(* Values are discounted sums along the Markov chain of a policy, i.e. the
   unique fixed points of gamma-contractive Bellman equations.  Uniqueness gives
   the performance-difference lemma
     (1 - gamma) (V^pi'(s) - V^pi(s)) = sum_q kappa^pi'_s(q) psi(q),
   with the advantage psi(q) = <Q^pi(q,.), pi'(q)> + h^pi'(q) - h^pi(q) - V^pi(q).
   The three-point lemma for the mirror step, tested at pi_t(q) and at pi*(q),
   shows that the advantage of pi_{t+1} over pi_t is nonpositive (so V^pi_t
   decreases) and that eta_t times its excess over the advantage of pi* is at
   most D_t(q) - D_{t+1}(q), with D_t = D^pi*_pi_t.  Averaging against
   kappa^pi*_s and summing over t < k, the Bregman terms telescope because
   eta_t is nondecreasing, and monotonicity turns the k gaps into k times the
   last one. *)

From HB Require Import structures.
From mathcomp Require Import all_boot all_order all_algebra.
From mathcomp Require Import all_classical all_reals all_analysis.
From mathcomp Require Import ring lra.
Import Order.TTheory GRing.Theory Num.Theory.
Import numFieldNormedType.Exports.
Set Implicit Arguments. Unset Strict Implicit. Unset Printing Implicit Defensive.
Local Open Scope classical_set_scope.
Local Open Scope ring_scope.

Lemma telescope_div_le (R : realFieldType) (d eta : nat -> R) :
  (forall t, 0 <= d t) -> (forall t, 0 < eta t) -> (forall t, eta t <= eta t.+1) ->
  forall k, \sum_(0 <= t < k) (d t - d t.+1) / eta t + d k / eta k <= d 0%N / eta 0%N.
Proof.
move=> d_ge0 eta_gt0 eta_le; elim=> [|k IH]; first by rewrite big_geq // add0r.
apply: le_trans IH; rewrite big_nat_recr //= -addrA lerD2l mulrBl -addrA gerDl addrC subr_le0.
by rewrite ler_wpM2l // lef_pV2 ?posrE.
Qed.

Lemma nonincreasing_mul_le_sum (R : realDomainType) (u : nat -> R) :
  nonincreasing_seq u -> forall k, k%:R * u k <= \sum_(0 <= t < k) u t.
Proof.
move=> u_noninc k; rewrite mulr_natl -[k in _ *+ k](subn0 k) -sumr_const_nat.
by apply: ler_sum_nat => t /andP[_ /ltnW t_le_k]; apply: u_noninc.
Qed.

Section DiscountedFixpoint.
Variables (R : realFieldType) (S : finType) (M : S -> S -> R) (gamma : R).
Hypotheses (M_ge0 : forall s r, 0 <= M s r) (M_sum1 : forall s, \sum_r M s r = 1).
Hypotheses (gamma_ge0 : 0 <= gamma) (gamma_lt1 : gamma < 1).

Lemma subsolution_le0 (A X : S -> R) :
  (forall s, A s <= 0) -> (forall s, X s <= A s + gamma * \sum_r M s r * X r) ->
  forall s, X s <= 0.
Proof.
(* At a maximiser s0 of X the M-average of X is at most X s0. *)
move=> A_le0 subX s; have [s0 _ X_max] := @arg_maxP _ R S s predT X isT.
suff : X s0 <= 0 by apply: le_trans (X_max s isT).
have avg_le : \sum_r M s0 r * X r <= X s0.
  rewrite -[leRHS]mul1r -(M_sum1 s0) mulr_suml; apply: ler_sum => r _.
  by apply: ler_wpM2l => //; apply: X_max.
have := subX s0; have := A_le0 s0.
have : gamma * \sum_r M s0 r * X r <= gamma * X s0 by apply: ler_wpM2l.
have := gamma_lt1; nra.
Qed.

Lemma fixpoint_unique (A X Y : S -> R) :
  (forall s, X s = A s + gamma * \sum_r M s r * X r) ->
  (forall s, Y s = A s + gamma * \sum_r M s r * Y r) ->
  X =1 Y.
Proof.
suff le_fix (X' Y' : S -> R) : (forall s, X' s = A s + gamma * \sum_r M s r * X' r) ->
    (forall s, Y' s = A s + gamma * \sum_r M s r * Y' r) -> forall s, X' s <= Y' s.
  by move=> fixX fixY s; apply/eqP; rewrite eq_le !le_fix.
move=> fixX fixY s; rewrite -subr_le0.
apply: (@subsolution_le0 (fun=> 0) (fun s => X' s - Y' s)) => // {}s.
rewrite add0r (eq_bigr (fun r => M s r * X' r - M s r * Y' r)) => [|r _]; last by rewrite mulrBr.
rewrite sumrB {1}fixX {1}fixY; lra.
Qed.

End DiscountedFixpoint.

Section MarkovChain.
Variables (R : realType) (S : finType) (nA : nat) (P : S -> 'I_nA -> S -> R).
Variable pi : policy R S nA.

Lemma sum_Pt0 (f : S -> R) s : \sum_q Pt P pi 0 s q * f q = f s.
Proof.
rewrite (bigD1 s) //= eqxx mul1r big1 ?addr0 // => q.
by rewrite eq_sym => /negbTE ->; rewrite mul0r.
Qed.

Lemma Pt_recl t s q : Pt P pi t.+1 s q = \sum_r Ppi P pi s r * Pt P pi t r q.
Proof.
elim: t s q => [|t IH] s q.
  rewrite [LHS]sum_Pt0 (bigD1 q) //= eqxx mulr1 big1 ?addr0 // => r /negbTE r_neq.
  by rewrite r_neq mulr0.
rewrite -[LHS]/(\sum_r Pt P pi t.+1 s r * Ppi P pi r q).
rewrite (eq_bigr (fun r => \sum_u Ppi P pi s u * Pt P pi t u r * Ppi P pi r q)) => [|r _].
  rewrite exchange_big; apply: eq_bigr => u _ /=.
  by rewrite mulr_sumr; apply: eq_bigr => r _; rewrite mulrA.
by rewrite IH mulr_suml.
Qed.

Lemma sum_PpiE (f : S -> R) s :
  \sum_r Ppi P pi s r * f r = \sum_a pi s ord0 a * \sum_r P s a r * f r.
Proof.
under eq_bigr do rewrite mulr_suml.
rewrite exchange_big; apply: eq_bigr => a _ /=.
by rewrite mulr_sumr; apply: eq_bigr => r _; rewrite mulrA.
Qed.

Hypotheses (P_ge0 : forall s a s', 0 <= P s a s') (P_sum1 : forall s a, \sum_s' P s a s' = 1).
Hypothesis pi_policy : is_policy pi.

Lemma Ppi_ge0 s q : 0 <= Ppi P pi s q.
Proof. by apply: sumr_ge0 => a _; apply: mulr_ge0 => //; case: (pi_policy s). Qed.

Lemma Ppi_sum1 s : \sum_q Ppi P pi s q = 1.
Proof.
rewrite exchange_big /= -(proj2 (pi_policy s)); apply: eq_bigr => a _.
by rewrite -mulr_sumr P_sum1 mulr1.
Qed.

Lemma Pt_ge0 t s q : 0 <= Pt P pi t s q.
Proof.
elim: t s q => [|t IH] s q /=; first by case: eqP.
by apply: sumr_ge0 => r _; rewrite mulr_ge0 ?Ppi_ge0.
Qed.

Lemma Pt_sum1 t s : \sum_q Pt P pi t s q = 1.
Proof.
elim: t s => [|t IH] s.
  by rewrite -[RHS](sum_Pt0 (fun=> 1) s); apply: eq_bigr => q _; rewrite mulr1.
rewrite exchange_big /= -[RHS](IH s); apply: eq_bigr => r _.
by rewrite -mulr_sumr Ppi_sum1 mulr1.
Qed.

Lemma Pt_le1 t s q : Pt P pi t s q <= 1.
Proof.
rewrite -(Pt_sum1 t s) (bigD1 q) //= lerDl.
by apply: sumr_ge0 => r _; apply: Pt_ge0.
Qed.

End MarkovChain.

Section DiscountedValue.
Variables (R : realType) (S : finType) (nA : nat) (P : S -> 'I_nA -> S -> R) (gamma : R).
Hypotheses (P_ge0 : forall s a s', 0 <= P s a s') (P_sum1 : forall s a, \sum_s' P s a s' = 1).
Hypotheses (gamma_ge0 : 0 <= gamma) (gamma_lt1 : gamma < 1).
Variable pi : policy R S nA.
Hypothesis pi_policy : is_policy pi.

Definition disc_term (f : S -> R) s t := gamma ^+ t * \sum_q Pt P pi t s q * f q.

Definition disc_value (f : S -> R) s := limn (series (disc_term f s)).

Lemma disc_termS f s t :
  disc_term f s t.+1 = gamma * \sum_r Ppi P pi s r * disc_term f r t.
Proof.
rewrite /disc_term exprS -mulrA; congr (_ * _).
under [RHS]eq_bigr do rewrite mulrCA.
rewrite -mulr_sumr; congr (_ * _).
under eq_bigr do rewrite Pt_recl mulr_suml.
rewrite exchange_big; apply: eq_bigr => r _ /=.
by rewrite mulr_sumr; apply: eq_bigr => q _; rewrite mulrA.
Qed.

■ ■ ■ ■ ■ ■ ■

● **Task details**:
Will you return exactly the lines above from the one with "Lemma Ppi_sum1 s : \sum_q Ppi P pi s q = 1." down to the one with "-> 'I_nA -> S -> R) (gamma", counting both as part of the range?

● **Your solution**:
Lemma Ppi_sum1 s : \sum_q Ppi P pi s q = 1.
Proof.
rewrite exchange_big /= -(proj2 (pi_policy s)); apply: eq_bigr => a _.
by rewrite -mulr_sumr P_sum1 mulr1.
Qed.

Lemma Pt_ge0 t s q : 0 <= Pt P pi t s q.
Proof.
elim: t s q => [|t IH] s q /=; first by case: eqP.
by apply: sumr_ge0 => r _; rewrite mulr_ge0 ?Ppi_ge0.
Qed.

Lemma Pt_sum1 t s : \sum_q Pt P pi t s q = 1.
Proof.
elim: t s => [|t IH] s.
  by rewrite -[RHS](sum_Pt0 (fun=> 1) s); apply: eq_bigr => q _; rewrite mulr1.
rewrite exchange_big /= -[RHS](IH s); apply: eq_bigr => r _.
by rewrite -mulr_sumr Ppi_sum1 mulr1.
Qed.

Lemma Pt_le1 t s q : Pt P pi t s q <= 1.
Proof.
rewrite -(Pt_sum1 t s) (bigD1 q) //= lerDl.
by apply: sumr_ge0 => r _; apply: Pt_ge0.
Qed.

End MarkovChain.

Section DiscountedValue.
Variables (R : realType) (S : finType) (nA : nat) (P : S -> 'I_nA -> S -> R) (gamma : R).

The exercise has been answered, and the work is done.